9.4 submitMessage(): The Complete Flow

submitMessage() is an async generator method. Its return type is AsyncGenerator<SDKMessage, void, unknown>, meaning it yields a sequence of SDKMessage values and then terminates. The caller iterates it with for await ... of.

The method orchestrates ten distinct stages. The diagram below shows the happy path through a complete turn.

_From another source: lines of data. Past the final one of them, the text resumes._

(* Fix integers $K\ge1$, $N\ge1$, $d\in[0,1]$, and an arbitrary distribution of the input $\mathbf X\in\{1,\dots,2K\}^N$ of the $2K$-ary i.i.d. deletion channel with deletion probability $d$. With the decomposition $(\mathbf X_1,\dots,\mathbf X_K,\mathbf F_x)$, $(\mathbf Y_1,\dots,\mathbf Y_K,\mathbf F_y)$ described in the context, for every $k\in\{1,\dots,K\}$, $$I(\mathbf X_1,\dots,\mathbf X_K,\mathbf F_x;\mathbf Y_k\mid \mathbf Y_1,\dots,\mathbf Y_{k-1})\le \mathbb E\{N_k\}\,C_2(d)+2\log(N+1),$$ where $C_2(d)$ is the capacity of the binary i.i.d. deletion channel with deletion probability $d$.
   Context: The $2K$-ary i.i.d. deletion channel with deletion probability $d$: an input $\mathbf X=(x_1,\dots,x_N)\in\{1,\dots,2K\}^N$ is sent; each symbol is independently (and independently of $\mathbf X$) deleted with probability $d$ or delivered unchanged with probability $1-d$; the output $\mathbf Y=(y_1,\dots,y_M)$ is the subsequence of surviving symbols in order. The binary i.i.d. deletion channel is the same with alphabet of size 2, and its capacity is $C_2(d)=\lim_{N\to\infty}\max_{P(\mathbf X)}\frac1N I(\mathbf X;\mathbf Y)$. Decomposition: for $k\in\{1,\dots,K\}$ the $k$-th subchannel carries the symbols $2k-1$ and $2k$. Let $\mathbf X_k$ be the subsequence of $\mathbf X$ consisting of the symbols lying in $\{2k-1,2k\}$ (a binary sequence), of length $N_k$, and $\mathbf Y_k$ the subsequence of $\mathbf Y$ consisting of the symbols lying in $\{2k-1,2k\}$, of length $M_k$; thus $\mathbf Y_k$ is the output of a binary i.i.d. deletion channel with deletion probability $d$ and input $\mathbf X_k$. Let $\mathbf F_x=(f_x[1],\dots,f_x[N])$ and $\mathbf F_y=(f_y[1],\dots,f_y[M])$ where $f_x[n]=\lceil x_n/2\rceil$ and $f_y[m]=\lceil y_m/2\rceil$ are the subchannel labels. Then $\mathbf X\leftrightarrow(\mathbf X_1,\dots,\mathbf X_K,\mathbf F_x)$ and $\mathbf Y\leftrightarrow(\mathbf Y_1,\dots,\mathbf Y_K,\mathbf F_y)$ are bijective correspondences. All logarithms are to a common base. *)

From Stdlib Require Import Reals List Arith.
Import ListNotations.
Open Scope R_scope.

Definition sumR {T} (l : list T) (f : T -> R) : R := fold_right Rplus 0 (map f l).

Fixpoint all_words {T} (A : list T) (n : nat) : list (list T) :=
  match n with
  | O => [ [] ]
  | S n' => flat_map (fun a => map (cons a) (all_words A n')) A
  end.

Definition alphabet (K : nat) : list nat := seq 1 (2 * K).

Definition label (s : nat) : nat := ((s + 1) / 2)%nat.

(** Subsequence of the symbols of w lying in {2k-1, 2k}. *)
Definition sub (k : nat) (w : list nat) : list nat :=
  filter (fun s => Nat.eqb (label s) k) w.

(** Deletion pattern: [true] = deleted. Output = surviving symbols in order. *)
Definition delete (x : list nat) (m : list bool) : list nat :=
  map fst (filter (fun p => negb (snd p)) (combine x m)).

Definition is_input_dist (K N : nat) (P : list nat -> R) : Prop :=
  (forall x, 0 <= P x) /\ sumR (all_words (alphabet K) N) P = 1.

(** Underlying finite probability space: outcomes (x, deletion pattern). *)
Definition outcome := (list nat * list bool)%type.

Definition outcomes (K N : nat) : list outcome :=
  flat_map (fun x => map (fun m => (x, m)) (all_words [false; true] N : list (list bool)))
           (all_words (alphabet K) N).

Definition pattern_prob (d : R) (m : list bool) : R :=
  fold_right Rmult 1 (map (fun b : bool => if b then d else 1 - d) m).

Definition weight (d : R) (P : list nat -> R) (o : outcome) : R :=
  P (fst o) * pattern_prob d (snd o).

Definition RV := outcome -> list (list nat).

Definition rv_eqb (u v : list (list nat)) : bool :=
  if list_eq_dec (list_eq_dec Nat.eq_dec) u v then true else false.

(** Probability that the joint of the variables fs takes its value at o. *)
Definition marg (Om : list outcome) (w : outcome -> R) (fs : list RV) (o : outcome) : R :=
  sumR Om (fun o' => if forallb (fun f => rv_eqb (f o') (f o)) fs then w o' else 0).

(** Conditional mutual information I(A;B|C) = E[ log p(A,B,C)p(C) / (p(A,C)p(B,C)) ]
    (natural logarithm). *)
Definition cmi (Om : list outcome) (w : outcome -> R) (A B C : RV) : R :=
  sumR Om (fun o => w o *
    ln (marg Om w [A; B; C] o * marg Om w [C] o /
        (marg Om w [A; C] o * marg Om w [B; C] o))).

Definition const_rv : RV := fun _ => (@nil (list nat)).

Definition X_rv : RV := fun o => [fst o].
Definition Y_rv : RV := fun o => [delete (fst o) (snd o)].
(** (X_1, ..., X_K, F_x) *)
Definition Xdec_rv (K : nat) : RV :=
  fun o => map (fun j => sub j (fst o)) (seq 1 K) ++ [map label (fst o)].
Definition Yk_rv (k : nat) : RV := fun o => [sub k (delete (fst o) (snd o))].
Definition Yprefix_rv (k : nat) : RV :=
  fun o => map (fun j => sub j (delete (fst o) (snd o))) (seq 1 (k - 1)).

Definition expected_Nk (K N : nat) (d : R) (P : list nat -> R) (k : nat) : R :=
  sumR (outcomes K N) (fun o => weight d P o * INR (length (sub k (fst o)))).

(** (1/n) max_{P(X)} I(X;Y) for the binary deletion channel (alphabet {1,2}, K = 1). *)
Definition binary_rate_set (d : R) (n : nat) : R -> Prop :=
  fun r => exists P, is_input_dist 1 n P /\
    r = cmi (outcomes 1 n) (weight d P) X_rv Y_rv const_rv / INR n.

Definition is_binary_capacity (d C : R) : Prop :=
  exists c : nat -> R,
    (forall n, (1 <= n)%nat -> is_lub (binary_rate_set d n) (c n)) /\
    Un_cv c C.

9.4.1 Per-turn Reset and canUseTool Wrapping

The first thing submitMessage() does is clear discoveredSkillNames and call setCwd(cwd). This reset ensures that skill discovery results from a previous turn do not bleed into the current one, and that any tool that resolves file paths starts from the correct working directory even if the Node.js process has moved.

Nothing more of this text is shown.